___ Supplied information
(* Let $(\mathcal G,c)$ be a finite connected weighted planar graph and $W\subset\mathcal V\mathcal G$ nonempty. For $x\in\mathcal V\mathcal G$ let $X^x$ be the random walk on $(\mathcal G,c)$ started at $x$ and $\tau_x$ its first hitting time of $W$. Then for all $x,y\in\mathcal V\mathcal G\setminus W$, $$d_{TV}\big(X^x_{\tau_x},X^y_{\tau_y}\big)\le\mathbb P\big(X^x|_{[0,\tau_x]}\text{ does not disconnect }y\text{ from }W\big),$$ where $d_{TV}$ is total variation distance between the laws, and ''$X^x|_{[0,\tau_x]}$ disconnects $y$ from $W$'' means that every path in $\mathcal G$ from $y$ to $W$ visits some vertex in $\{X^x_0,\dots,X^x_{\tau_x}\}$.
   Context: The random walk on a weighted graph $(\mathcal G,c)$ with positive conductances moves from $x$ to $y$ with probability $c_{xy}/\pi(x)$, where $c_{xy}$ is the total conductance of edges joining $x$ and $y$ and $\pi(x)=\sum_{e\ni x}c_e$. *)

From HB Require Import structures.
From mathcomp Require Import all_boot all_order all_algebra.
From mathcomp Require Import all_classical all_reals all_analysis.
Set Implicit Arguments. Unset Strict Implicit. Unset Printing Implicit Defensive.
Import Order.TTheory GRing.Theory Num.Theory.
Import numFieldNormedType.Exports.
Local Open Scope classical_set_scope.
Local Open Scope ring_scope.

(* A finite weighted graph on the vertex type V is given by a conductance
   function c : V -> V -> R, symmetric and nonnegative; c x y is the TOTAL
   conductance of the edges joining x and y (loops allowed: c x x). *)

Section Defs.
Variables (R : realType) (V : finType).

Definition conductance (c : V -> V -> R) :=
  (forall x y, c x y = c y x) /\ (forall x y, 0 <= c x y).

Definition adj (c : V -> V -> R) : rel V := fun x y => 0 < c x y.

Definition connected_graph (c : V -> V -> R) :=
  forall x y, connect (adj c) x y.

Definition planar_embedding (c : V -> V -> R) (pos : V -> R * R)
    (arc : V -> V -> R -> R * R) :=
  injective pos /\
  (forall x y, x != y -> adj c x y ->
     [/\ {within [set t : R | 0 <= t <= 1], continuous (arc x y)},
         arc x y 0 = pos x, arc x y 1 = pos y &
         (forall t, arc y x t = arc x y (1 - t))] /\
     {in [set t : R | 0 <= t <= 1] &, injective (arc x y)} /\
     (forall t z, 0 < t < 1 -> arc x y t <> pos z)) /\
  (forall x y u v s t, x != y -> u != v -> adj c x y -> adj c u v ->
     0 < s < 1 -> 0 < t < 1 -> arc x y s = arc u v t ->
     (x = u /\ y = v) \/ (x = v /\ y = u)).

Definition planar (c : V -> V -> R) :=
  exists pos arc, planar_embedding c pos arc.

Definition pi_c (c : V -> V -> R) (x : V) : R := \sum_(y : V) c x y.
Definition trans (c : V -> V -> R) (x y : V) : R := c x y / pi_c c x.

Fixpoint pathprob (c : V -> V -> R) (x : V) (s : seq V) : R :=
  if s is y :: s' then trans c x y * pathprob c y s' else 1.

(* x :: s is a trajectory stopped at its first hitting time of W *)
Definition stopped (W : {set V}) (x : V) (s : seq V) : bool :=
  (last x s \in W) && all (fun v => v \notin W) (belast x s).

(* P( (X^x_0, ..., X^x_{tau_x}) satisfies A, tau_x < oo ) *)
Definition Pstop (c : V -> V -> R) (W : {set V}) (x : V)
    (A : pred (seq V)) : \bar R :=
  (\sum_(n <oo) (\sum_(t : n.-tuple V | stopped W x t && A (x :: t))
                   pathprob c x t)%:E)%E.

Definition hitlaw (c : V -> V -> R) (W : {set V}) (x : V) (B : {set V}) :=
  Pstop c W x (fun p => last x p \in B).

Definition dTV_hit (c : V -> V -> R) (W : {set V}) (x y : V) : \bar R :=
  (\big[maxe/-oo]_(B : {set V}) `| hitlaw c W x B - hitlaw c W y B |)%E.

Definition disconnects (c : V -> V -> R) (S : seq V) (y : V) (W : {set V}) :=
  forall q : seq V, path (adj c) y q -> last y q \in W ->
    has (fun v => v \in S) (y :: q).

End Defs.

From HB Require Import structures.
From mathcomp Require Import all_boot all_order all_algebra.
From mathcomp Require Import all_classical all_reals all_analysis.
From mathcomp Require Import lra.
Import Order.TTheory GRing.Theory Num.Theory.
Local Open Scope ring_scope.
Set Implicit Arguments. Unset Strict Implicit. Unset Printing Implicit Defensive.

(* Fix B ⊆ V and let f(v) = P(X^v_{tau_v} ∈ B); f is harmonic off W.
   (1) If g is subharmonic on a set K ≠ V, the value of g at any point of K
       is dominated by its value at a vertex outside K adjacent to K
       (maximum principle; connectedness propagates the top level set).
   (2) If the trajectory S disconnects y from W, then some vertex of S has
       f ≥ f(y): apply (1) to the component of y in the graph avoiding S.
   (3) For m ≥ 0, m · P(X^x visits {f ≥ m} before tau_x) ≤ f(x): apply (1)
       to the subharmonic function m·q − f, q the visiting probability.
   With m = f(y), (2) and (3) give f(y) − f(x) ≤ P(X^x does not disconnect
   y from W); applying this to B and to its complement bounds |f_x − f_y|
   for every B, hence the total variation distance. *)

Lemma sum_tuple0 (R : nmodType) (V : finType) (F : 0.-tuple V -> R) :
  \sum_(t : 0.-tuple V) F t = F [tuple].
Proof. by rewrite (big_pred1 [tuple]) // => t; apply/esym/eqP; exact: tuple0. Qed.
______
___ Supplied information
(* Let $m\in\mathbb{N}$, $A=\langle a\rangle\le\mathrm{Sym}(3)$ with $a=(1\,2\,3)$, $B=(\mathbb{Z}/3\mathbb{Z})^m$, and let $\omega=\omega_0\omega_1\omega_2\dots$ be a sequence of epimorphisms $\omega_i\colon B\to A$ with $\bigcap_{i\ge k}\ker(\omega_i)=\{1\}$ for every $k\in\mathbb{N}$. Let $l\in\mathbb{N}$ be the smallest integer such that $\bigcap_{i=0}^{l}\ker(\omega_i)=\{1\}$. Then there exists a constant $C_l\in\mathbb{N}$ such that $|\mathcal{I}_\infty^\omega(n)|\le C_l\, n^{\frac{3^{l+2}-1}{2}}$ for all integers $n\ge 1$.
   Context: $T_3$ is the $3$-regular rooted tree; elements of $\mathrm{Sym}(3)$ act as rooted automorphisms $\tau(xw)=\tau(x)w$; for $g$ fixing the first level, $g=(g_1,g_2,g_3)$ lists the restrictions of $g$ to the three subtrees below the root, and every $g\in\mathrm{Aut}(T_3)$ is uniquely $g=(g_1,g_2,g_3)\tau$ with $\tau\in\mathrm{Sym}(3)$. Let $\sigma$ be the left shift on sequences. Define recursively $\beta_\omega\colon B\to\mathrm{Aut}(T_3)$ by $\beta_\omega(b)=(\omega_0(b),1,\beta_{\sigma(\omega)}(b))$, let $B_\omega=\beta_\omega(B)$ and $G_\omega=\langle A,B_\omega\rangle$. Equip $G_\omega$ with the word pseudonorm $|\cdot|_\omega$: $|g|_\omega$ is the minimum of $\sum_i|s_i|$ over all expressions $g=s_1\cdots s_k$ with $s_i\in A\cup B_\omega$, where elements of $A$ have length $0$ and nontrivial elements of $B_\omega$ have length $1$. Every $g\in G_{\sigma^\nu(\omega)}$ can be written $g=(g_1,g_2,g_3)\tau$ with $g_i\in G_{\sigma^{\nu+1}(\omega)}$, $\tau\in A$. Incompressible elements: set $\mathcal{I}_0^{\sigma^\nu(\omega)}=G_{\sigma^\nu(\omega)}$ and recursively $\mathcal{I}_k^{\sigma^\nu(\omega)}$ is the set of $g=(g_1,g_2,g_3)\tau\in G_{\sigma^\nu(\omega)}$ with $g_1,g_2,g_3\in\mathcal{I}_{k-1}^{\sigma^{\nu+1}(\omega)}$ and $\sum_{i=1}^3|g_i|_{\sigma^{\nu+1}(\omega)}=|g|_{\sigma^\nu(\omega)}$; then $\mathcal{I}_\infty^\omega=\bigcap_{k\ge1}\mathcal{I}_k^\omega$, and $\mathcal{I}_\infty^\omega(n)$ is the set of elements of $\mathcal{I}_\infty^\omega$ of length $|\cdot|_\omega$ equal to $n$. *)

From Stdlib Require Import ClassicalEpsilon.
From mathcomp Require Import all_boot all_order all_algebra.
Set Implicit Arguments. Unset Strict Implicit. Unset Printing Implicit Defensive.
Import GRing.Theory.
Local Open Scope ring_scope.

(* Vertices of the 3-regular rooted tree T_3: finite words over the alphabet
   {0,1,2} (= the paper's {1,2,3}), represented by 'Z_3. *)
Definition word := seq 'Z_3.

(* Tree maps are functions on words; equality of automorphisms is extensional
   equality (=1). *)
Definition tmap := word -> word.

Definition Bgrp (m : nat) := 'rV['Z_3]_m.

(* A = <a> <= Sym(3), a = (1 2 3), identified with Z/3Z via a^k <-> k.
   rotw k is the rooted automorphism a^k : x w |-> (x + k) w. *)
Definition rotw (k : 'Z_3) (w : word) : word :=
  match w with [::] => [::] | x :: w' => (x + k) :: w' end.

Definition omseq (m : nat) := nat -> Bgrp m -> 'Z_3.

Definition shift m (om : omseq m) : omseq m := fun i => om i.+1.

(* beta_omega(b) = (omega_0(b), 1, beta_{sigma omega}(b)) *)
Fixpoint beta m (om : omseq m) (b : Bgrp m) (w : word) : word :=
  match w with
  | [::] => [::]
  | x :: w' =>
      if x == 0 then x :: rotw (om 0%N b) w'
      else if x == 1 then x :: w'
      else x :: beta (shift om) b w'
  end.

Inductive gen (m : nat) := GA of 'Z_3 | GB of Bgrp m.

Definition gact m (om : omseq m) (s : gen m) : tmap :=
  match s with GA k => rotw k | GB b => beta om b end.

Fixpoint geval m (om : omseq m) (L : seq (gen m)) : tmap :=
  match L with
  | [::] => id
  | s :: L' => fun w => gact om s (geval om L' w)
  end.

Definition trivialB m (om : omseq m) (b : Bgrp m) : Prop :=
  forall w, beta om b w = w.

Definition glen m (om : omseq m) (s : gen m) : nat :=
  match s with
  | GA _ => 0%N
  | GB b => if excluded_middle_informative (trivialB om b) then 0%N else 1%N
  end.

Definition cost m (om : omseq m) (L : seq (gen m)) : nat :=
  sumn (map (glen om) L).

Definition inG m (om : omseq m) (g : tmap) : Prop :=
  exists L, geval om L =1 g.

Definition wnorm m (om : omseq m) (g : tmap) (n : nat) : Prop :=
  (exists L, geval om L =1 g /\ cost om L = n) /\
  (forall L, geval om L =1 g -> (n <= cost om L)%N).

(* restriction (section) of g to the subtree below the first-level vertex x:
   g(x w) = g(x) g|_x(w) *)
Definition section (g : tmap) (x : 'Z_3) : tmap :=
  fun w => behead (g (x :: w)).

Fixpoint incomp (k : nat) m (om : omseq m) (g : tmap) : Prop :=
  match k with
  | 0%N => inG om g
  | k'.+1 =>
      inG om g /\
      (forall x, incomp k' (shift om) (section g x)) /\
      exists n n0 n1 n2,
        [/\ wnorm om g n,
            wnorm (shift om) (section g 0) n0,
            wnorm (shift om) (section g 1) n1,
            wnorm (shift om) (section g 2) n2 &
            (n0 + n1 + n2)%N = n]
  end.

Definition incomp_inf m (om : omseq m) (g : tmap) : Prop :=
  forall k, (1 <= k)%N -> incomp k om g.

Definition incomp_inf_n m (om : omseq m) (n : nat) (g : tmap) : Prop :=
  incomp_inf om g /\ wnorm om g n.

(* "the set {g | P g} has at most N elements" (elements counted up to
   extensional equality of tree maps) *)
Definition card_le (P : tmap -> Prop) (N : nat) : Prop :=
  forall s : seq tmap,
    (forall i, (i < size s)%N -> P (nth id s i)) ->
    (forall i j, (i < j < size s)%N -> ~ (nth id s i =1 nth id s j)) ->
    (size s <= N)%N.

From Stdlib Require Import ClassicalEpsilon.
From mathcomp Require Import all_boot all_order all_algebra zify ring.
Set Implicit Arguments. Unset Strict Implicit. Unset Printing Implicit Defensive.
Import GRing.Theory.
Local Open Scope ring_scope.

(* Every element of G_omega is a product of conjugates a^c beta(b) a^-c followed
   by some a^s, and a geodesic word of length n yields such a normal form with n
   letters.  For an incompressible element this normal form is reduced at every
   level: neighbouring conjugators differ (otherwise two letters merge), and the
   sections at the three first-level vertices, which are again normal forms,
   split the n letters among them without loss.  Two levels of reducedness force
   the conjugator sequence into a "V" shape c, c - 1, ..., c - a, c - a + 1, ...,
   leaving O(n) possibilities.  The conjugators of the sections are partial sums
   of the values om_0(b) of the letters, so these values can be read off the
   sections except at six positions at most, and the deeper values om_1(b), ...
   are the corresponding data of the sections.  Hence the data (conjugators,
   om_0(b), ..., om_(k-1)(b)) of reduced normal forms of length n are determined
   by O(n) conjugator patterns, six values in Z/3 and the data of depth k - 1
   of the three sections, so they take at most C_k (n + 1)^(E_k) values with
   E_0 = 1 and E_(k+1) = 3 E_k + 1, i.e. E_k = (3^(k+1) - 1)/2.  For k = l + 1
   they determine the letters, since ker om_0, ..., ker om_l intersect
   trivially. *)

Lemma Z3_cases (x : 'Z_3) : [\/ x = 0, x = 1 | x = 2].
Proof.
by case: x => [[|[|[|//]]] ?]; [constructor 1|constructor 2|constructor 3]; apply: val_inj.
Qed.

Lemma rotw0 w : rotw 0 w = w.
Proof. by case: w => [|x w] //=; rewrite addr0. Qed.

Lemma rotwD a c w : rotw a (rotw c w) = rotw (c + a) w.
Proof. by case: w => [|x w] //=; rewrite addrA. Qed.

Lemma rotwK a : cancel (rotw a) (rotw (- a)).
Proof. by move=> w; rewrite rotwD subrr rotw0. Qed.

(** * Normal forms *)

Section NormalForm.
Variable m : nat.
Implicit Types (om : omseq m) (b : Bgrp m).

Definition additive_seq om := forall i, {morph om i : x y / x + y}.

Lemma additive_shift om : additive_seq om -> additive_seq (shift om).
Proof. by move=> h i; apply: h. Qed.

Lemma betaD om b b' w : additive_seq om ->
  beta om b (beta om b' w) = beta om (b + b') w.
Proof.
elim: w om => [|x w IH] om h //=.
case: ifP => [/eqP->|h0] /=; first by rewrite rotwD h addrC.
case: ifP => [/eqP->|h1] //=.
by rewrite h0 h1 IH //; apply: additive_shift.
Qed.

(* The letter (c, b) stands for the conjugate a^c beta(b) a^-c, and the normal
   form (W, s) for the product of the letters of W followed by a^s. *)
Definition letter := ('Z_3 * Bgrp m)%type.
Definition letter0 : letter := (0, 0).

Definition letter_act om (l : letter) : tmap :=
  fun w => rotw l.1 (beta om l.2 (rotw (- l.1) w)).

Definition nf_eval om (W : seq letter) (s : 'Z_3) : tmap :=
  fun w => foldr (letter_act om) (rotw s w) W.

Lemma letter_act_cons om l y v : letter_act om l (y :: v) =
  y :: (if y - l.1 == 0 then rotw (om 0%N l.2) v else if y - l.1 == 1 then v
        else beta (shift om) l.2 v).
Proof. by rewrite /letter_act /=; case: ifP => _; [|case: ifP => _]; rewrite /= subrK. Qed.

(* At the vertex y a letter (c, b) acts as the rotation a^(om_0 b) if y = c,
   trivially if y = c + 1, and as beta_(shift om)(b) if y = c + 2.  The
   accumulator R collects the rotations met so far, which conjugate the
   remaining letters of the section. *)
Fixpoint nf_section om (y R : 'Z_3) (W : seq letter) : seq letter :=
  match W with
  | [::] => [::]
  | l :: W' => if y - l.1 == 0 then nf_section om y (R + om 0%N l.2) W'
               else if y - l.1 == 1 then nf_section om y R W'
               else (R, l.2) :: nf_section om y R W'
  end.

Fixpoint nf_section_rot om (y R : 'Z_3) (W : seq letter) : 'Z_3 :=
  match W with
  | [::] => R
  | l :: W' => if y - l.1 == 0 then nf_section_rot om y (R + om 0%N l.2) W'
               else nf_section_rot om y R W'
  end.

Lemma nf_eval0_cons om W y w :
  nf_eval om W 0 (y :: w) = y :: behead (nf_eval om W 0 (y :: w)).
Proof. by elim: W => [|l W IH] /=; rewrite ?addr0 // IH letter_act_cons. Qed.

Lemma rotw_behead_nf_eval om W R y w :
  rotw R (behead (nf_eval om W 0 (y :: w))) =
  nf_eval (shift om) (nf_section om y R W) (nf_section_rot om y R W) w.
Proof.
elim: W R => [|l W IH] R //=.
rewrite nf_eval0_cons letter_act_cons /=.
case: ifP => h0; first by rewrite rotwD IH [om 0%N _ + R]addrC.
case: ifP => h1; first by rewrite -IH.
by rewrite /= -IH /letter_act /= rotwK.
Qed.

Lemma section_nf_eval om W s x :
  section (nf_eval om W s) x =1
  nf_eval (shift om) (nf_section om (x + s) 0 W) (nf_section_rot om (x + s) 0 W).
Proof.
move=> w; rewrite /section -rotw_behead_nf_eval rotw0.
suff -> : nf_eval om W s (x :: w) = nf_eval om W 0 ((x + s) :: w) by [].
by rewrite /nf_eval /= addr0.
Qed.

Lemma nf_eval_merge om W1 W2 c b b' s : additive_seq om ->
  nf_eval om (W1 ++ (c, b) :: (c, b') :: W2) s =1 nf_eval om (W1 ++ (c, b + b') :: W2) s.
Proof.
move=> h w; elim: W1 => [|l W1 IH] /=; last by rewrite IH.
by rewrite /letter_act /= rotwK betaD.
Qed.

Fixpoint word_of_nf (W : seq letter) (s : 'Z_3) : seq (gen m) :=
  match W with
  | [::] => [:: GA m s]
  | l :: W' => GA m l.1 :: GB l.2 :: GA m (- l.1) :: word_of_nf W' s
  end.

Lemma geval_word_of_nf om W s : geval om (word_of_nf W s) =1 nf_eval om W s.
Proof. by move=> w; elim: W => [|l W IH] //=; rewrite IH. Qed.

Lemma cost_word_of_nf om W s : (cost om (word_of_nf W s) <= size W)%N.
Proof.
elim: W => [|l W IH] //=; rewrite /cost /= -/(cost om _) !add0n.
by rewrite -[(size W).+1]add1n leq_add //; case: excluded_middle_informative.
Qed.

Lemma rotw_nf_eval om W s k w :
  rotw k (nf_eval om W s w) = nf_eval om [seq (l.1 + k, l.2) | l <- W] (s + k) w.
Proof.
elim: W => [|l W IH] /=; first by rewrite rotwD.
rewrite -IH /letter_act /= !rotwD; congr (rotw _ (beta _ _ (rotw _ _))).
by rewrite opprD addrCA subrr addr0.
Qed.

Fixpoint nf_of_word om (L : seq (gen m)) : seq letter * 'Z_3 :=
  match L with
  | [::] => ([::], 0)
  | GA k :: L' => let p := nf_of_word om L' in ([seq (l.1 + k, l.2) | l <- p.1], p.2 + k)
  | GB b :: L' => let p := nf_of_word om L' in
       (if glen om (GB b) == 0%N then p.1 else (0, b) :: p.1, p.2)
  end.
______
> Exercise requirements: Beginning with the line above that contains "(forall x, incomp", copy each line exactly up to and including the line that contains "by some a^s, and", and go no further.

> Problem solution:
      (forall x, incomp k' (shift om) (section g x)) /\
      exists n n0 n1 n2,
        [/\ wnorm om g n,
            wnorm (shift om) (section g 0) n0,
            wnorm (shift om) (section g 1) n1,
            wnorm (shift om) (section g 2) n2 &
            (n0 + n1 + n2)%N = n]
  end.

Definition incomp_inf m (om : omseq m) (g : tmap) : Prop :=
  forall k, (1 <= k)%N -> incomp k om g.

Definition incomp_inf_n m (om : omseq m) (n : nat) (g : tmap) : Prop :=
  incomp_inf om g /\ wnorm om g n.

(* "the set {g | P g} has at most N elements" (elements counted up to
   extensional equality of tree maps) *)
Definition card_le (P : tmap -> Prop) (N : nat) : Prop :=
  forall s : seq tmap,
    (forall i, (i < size s)%N -> P (nth id s i)) ->
    (forall i j, (i < j < size s)%N -> ~ (nth id s i =1 nth id s j)) ->
    (size s <= N)%N.

From Stdlib Require Import ClassicalEpsilon.
From mathcomp Require Import all_boot all_order all_algebra zify ring.
Set Implicit Arguments. Unset Strict Implicit. Unset Printing Implicit Defensive.
Import GRing.Theory.
Local Open Scope ring_scope.

(* Every element of G_omega is a product of conjugates a^c beta(b) a^-c followed
   by some a^s, and a geodesic word of length n yields such a normal form with n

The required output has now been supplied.